В 1958 году Лидия Николаевна, получив аттестат зрелости, поехала в Саратов, чтобы поступить в пединститут. Но по конкурсу не прошла, подвел немецкий язык. «Как же долго я плакала! Как жалко было пяти рублей, которые мама выделила мне на дорогу. Документы я отнесла в библиотечный техникум, туда меня приняли без экзаменов, но и без стипендии. Поехала домой, чтобы посоветоваться. Решили, что один семестр мне смогут помогать, а там видно будет. С мешком картошки я вернулась в Саратов. Помог случай. Перед началом занятий будущих студентов отправили на уборку урожая. На погрузке и разгрузке зерна удалось заработать. Это были первые в жизни самостоятельно заработанные деньги. Так приятно было купить на них подарки родным, а себе – тетради, ручки к учебе, даже новое платье. Немного осталось и для посещения саратовских театров.

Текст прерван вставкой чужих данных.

Lemma age_sum_cycle_bounds N T : (s N <= T < s N.+1)%N ->
  age_sum (s N) <= age_sum T.+1 <= age_sum (s N) + 2 * max_len%:R ^+ 2.
Proof.
move=> /andP [sNT TsN]; rewrite (age_sum_cat (leqW sNT)) lerDl sumr_ge0 //= lerD2l.
apply: (@le_trans _ _ (\sum_(s N <= t < T.+1) (2 * max_len)%:R)).
  by apply: ler_sum => t _; rewrite ler_nat age_le.
rewrite sumr_const_nat -mulr_natl natrM.
have : (T.+1 - s N <= max_len)%N by move: TsN; have := sent_len_le N; rewrite /sent_len /=; lia.
rewrite -(ler_nat R) => Tmax; have M_ge0 : 0 <= max_len%:R :> R by [].
nra.
Qed.

Section Asymptotics.
Variables (a b d : R).
Let g := a ^+ 2 + (b - a) / 2.
Let M : R := max_len%:R.

Lemma age_sum_sched_near N :
  `|len_sum N - N%:R * a| <= d * N%:R ->
  `|len_sqr_sum N - N%:R * b| <= d * N%:R ->
  `|len_cross_sum N - N%:R * a ^+ 2| <= d * N%:R ->
  `|age_sum (s N) - N%:R * g| <= 2 * (d * N%:R) + M ^+ 2.
Proof.
move=> hl hs hc; have := age_sum_sched N; rewrite -mulrA.
set D := (sent_len N)%:R * _ => sched_id.
have D_ge0 : 0 <= D by rewrite mulr_ge0.
have D_le : D <= M ^+ 2.
  rewrite /D /M expr2 -!natrM ler_nat leq_mul ?sent_len_le //.
  case: (N) => [|n] /=; first by [].
  by have := sent_len_le n; rewrite /sent_len; lia.
move: hl hs hc; rewrite /g !ler_norml => /andP [? ?] /andP [? ?] /andP [? ?].
by apply/andP; split; lra.
Qed.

Разумеется, хватило только на билеты на галерке. Теперь, когда бываю в театрах в Петербурге или в Таллинне, обычно сижу в партере и часто, смотря вверх на молодежь, вспоминаю свои студенческие годы и желаю молодым людям поскорее спуститься с галерки», – улыбается женщина.

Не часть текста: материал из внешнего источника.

Lemma cylinder_setI_closed E : setI_closed (cylinder E).
Proof.
move=> _ _ [n1 [A1 [k1 [EA1 ->]]]] [n2 [A2 [k2 [EA2 ->]]]].
exists (n1 + n2)%N, (fun i => if (i < n1)%N then A1 i else A2 (i - n1)%N),
  (fun i => if (i < n1)%N then k1 i else k2 (i - n1)%N); split.
  move=> i lti; case: ltnP => [|le_n1i]; first exact: EA1.
  by apply: EA2; rewrite ltn_subLR.
apply/seteqP; split => M /=.
  move=> [M1 M2] i lti; case: ltnP => [|le_n1i]; first exact: M1.
  by apply: M2; rewrite ltn_subLR.
move=> M12; split => i lti; first by have := M12 i (ltn_addr _ lti); rewrite lti.
have := M12 (n1 + i)%N; rewrite ltn_add2l => /(_ lti).
by rewrite ltnNge leq_addr /= addKn.
Qed.

Lemma cylinder_Csigma E : E `<=` measurable -> <<s cylinder E >> `<=` @Csigma d S.
Proof.
move=> Em; apply: smallest_sub; first exact: smallest_sigma_algebra.
move=> _ [n [A [k [EA ->]]]].
apply: (@bigcap_measurableType _ (g_sigma_algebraType _)) => i lti.
by apply: sub_sigma_algebra; exists (A i), (k i); split => //; exact/Em/EA.
Qed.

(* Junk value: [NA_card A M = 0] when [A `&` M] is infinite. *)
Definition NA_card A M : nat := fcard (A `&` proj1_sig M).

Lemma NA_eq_nondecreasing_bigcup (F : nat -> set S) M n :
  nondecreasing_seq F -> (forall i, finite_set (F i `&` proj1_sig M)) ->
  NA_eq (\bigcup_i F i) (proj1_sig M) (Some n) <->
  exists N, forall i, (N <= i)%N -> NA_card (F i) M = n.
Proof.
move=> ndF finF; rewrite /NA_eq setI_bigcupl; apply: card_nondecreasing_bigcupP => //.
move=> i j ij; apply/subsetPset; apply: setSI; exact: nondecreasing_seq_subset.
Qed.

End cylinder.

Section cylinder_trace.
Context d (S : measurableType d) (E : set (set S)).
Hypotheses (EI : setI_closed E) (Egen : <<s E >> = @measurable d S).
Variable B : nat -> set S.
Hypotheses (EB : forall j, E (B j)) (Bcover : \bigcup_j B j = setT).

Local Notation CSE := (g_sigma_algebraType (cylinder E)).
Local Notation tm := (@trace_measurable _ CSE (finite_on B)).
Local Notation tm_nat := (@trace_measurable_nat _ CSE (finite_on B)).
Local Notation D N := (\big[setU/set0]_(j < N) B j).

Let measurable_E A : E A -> measurable A.
Proof. by rewrite -Egen; exact: sub_sigma_algebra. Qed.

Let finite_on_subset A M j :
  finite_on B M -> A `<=` B j -> finite_set (A `&` proj1_sig M).
Proof. by move=> finM AB; apply: sub_finite_set (finM j) => x [/AB]. Qed.

Lemma trace_measurable_NA_card_E A : E A ->
  (forall M, finite_on B M -> finite_set (A `&` proj1_sig M)) -> tm_nat (NA_card A).
Proof.
move=> EA finA n.
apply: (@trace_measurable_eq _ CSE _ _ [set M | NA_eq A (proj1_sig M) (Some n)]).
  by move=> M /finA finAM; symmetry; exact: fcard_eqI.
exists [set M | NA_eq A (proj1_sig M) (Some n)] => //.
exact: sub_sigma_algebra (cylinder_NA_eq _ EA).
Qed.

Lemma trace_measurable_NA_card_piece j A :
  measurable A -> tm_nat (NA_card (A `&` B j)).
Proof.
have finAB A' M : finite_on B M -> finite_set (A' `&` B j `&` proj1_sig M).
  by move=> finM; apply: (@finite_on_subset _ _ j finM) => x [].
pose H := [set A' | measurable A' /\ tm_nat (NA_card (A' `&` B j))].
suff : <<s E >> `<=` H by rewrite Egen => mH /mH[].
rewrite {}/H; apply: (lambda_system_subset EI) => //; last first.
  move=> A' EA'; split; first exact: measurable_E.
  by apply: trace_measurable_NA_card_E; [exact: EI|move=> M /finAB].
split => //.
- split; first exact: measurableT.
  by rewrite setTI; apply: trace_measurable_NA_card_E => // M; apply.
- move=> A1 A2 A21 [mA1 tA1] [mA2 tA2]; split; first exact: measurableD.
  move=> n; apply: trace_measurable_eq (trace_measurable_nat_comp2 subn tA1 tA2 n).
  move=> M finM; rewrite /NA_card /= -fcardD; [|exact: finAB|by move=> x [[/A21]]].
  suff -> : (A1 `\` A2) `&` B j `&` proj1_sig M =
    (A1 `&` B j `&` proj1_sig M) `\` (A2 `&` B j `&` proj1_sig M) by [].
  by apply/seteqP; split => x /=; tauto.
- move=> F ndF tF; split; first by apply: bigcupT_measurable => i; case: (tF i).
  move=> n; apply: trace_measurable_eq (@trace_measurable_eventually _ CSE (finite_on B)
    (fun i => NA_card (F i `&` B j)) n (fun i => (tF i).2 n)).
  move=> M finM; rewrite setI_bigcupl /= -NA_eq_nondecreasing_bigcup.
  + by symmetry; apply: fcard_eqI; rewrite -setI_bigcupl; exact: finAB.
  + move=> i k ik; apply/subsetPset; apply: setSI; exact: nondecreasing_seq_subset.
  + by move=> i; exact: finAB.
Qed.

Let finite_on_D N M : finite_on B M -> finite_set (D N `&` proj1_sig M).
Proof.
move=> finM; rewrite -bigcup_mkord setI_bigcupl.
by apply: bigcup_finite (finite_II N) _ => j _; exact: finM.
Qed.

Lemma trace_measurable_NA_card_partial N A :
  measurable A -> tm_nat (NA_card (A `&` D N)).
Proof.
elim: N A => [|N IH] A mA n.
  apply: trace_measurable_eq (trace_measurable_cst _ (0 = n)%N) => M _ /=.
  by rewrite big_ord0 setI0 /NA_card set0I /fcard fset_set0 cardfs0.
have mD : measurable (D N) by apply: bigsetU_measurable => j _; exact: measurable_E.
apply: trace_measurable_eq (trace_measurable_nat_comp2 addn (IH A mA)
  (trace_measurable_NA_card_piece N (measurableD mA mD)) n) => M finM /=.
rewrite /NA_card -fcardU.
- suff -> : A `&` D N.+1 `&` proj1_sig M =
    A `&` D N `&` proj1_sig M `|` (A `\` D N) `&` B N `&` proj1_sig M by [].
  rewrite big_ord_recr /=; apply/seteqP; split => x /=.
    by case: (pselect (D N x)) => ? [[? [?|?]] ?]; tauto.
  by move=> [[[? ?] ?]|[[[? ?] ?] ?]]; split => //; split => //; [left|right].
- by apply: sub_finite_set (finite_on_D N finM) => x [[_ ?] ?].
- by apply: (@finite_on_subset _ _ N finM) => x [].
- by apply/seteqP; split => x // [[[_ ?] _] [[[_ ?] _] _]].
Qed.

Студенческая жизнь была бурной. В Саратовском библиотечном техникуме была развита самодеятельность. Студенты ставили пьесы Островского и Чехова, на субботниках и воскресниках – строили мост через Волгу, который соединил Саратов и город Энгельс, строили и городской стадион.

Два года спустя Лидия Николаевна уже держала в руках диплом. «Нашим распределением занималось Управление культуры Саратова. Его начальник товарищ Никифорова заявила, что Мерлушкину (то есть меня) оставляем в области. А мне так хотелось посмотреть мир и помочь родителям доучить братьев. Предварительно из предложенного нам списка я уже выбрала Магаданскую область. Подруги уверяли, что направление туда мне не дадут. Я поспорила на подарочный комплект духов и одеколона «Поздравляю!»… Пришлось девчонкам бежать и покупать мне его за пять рублей».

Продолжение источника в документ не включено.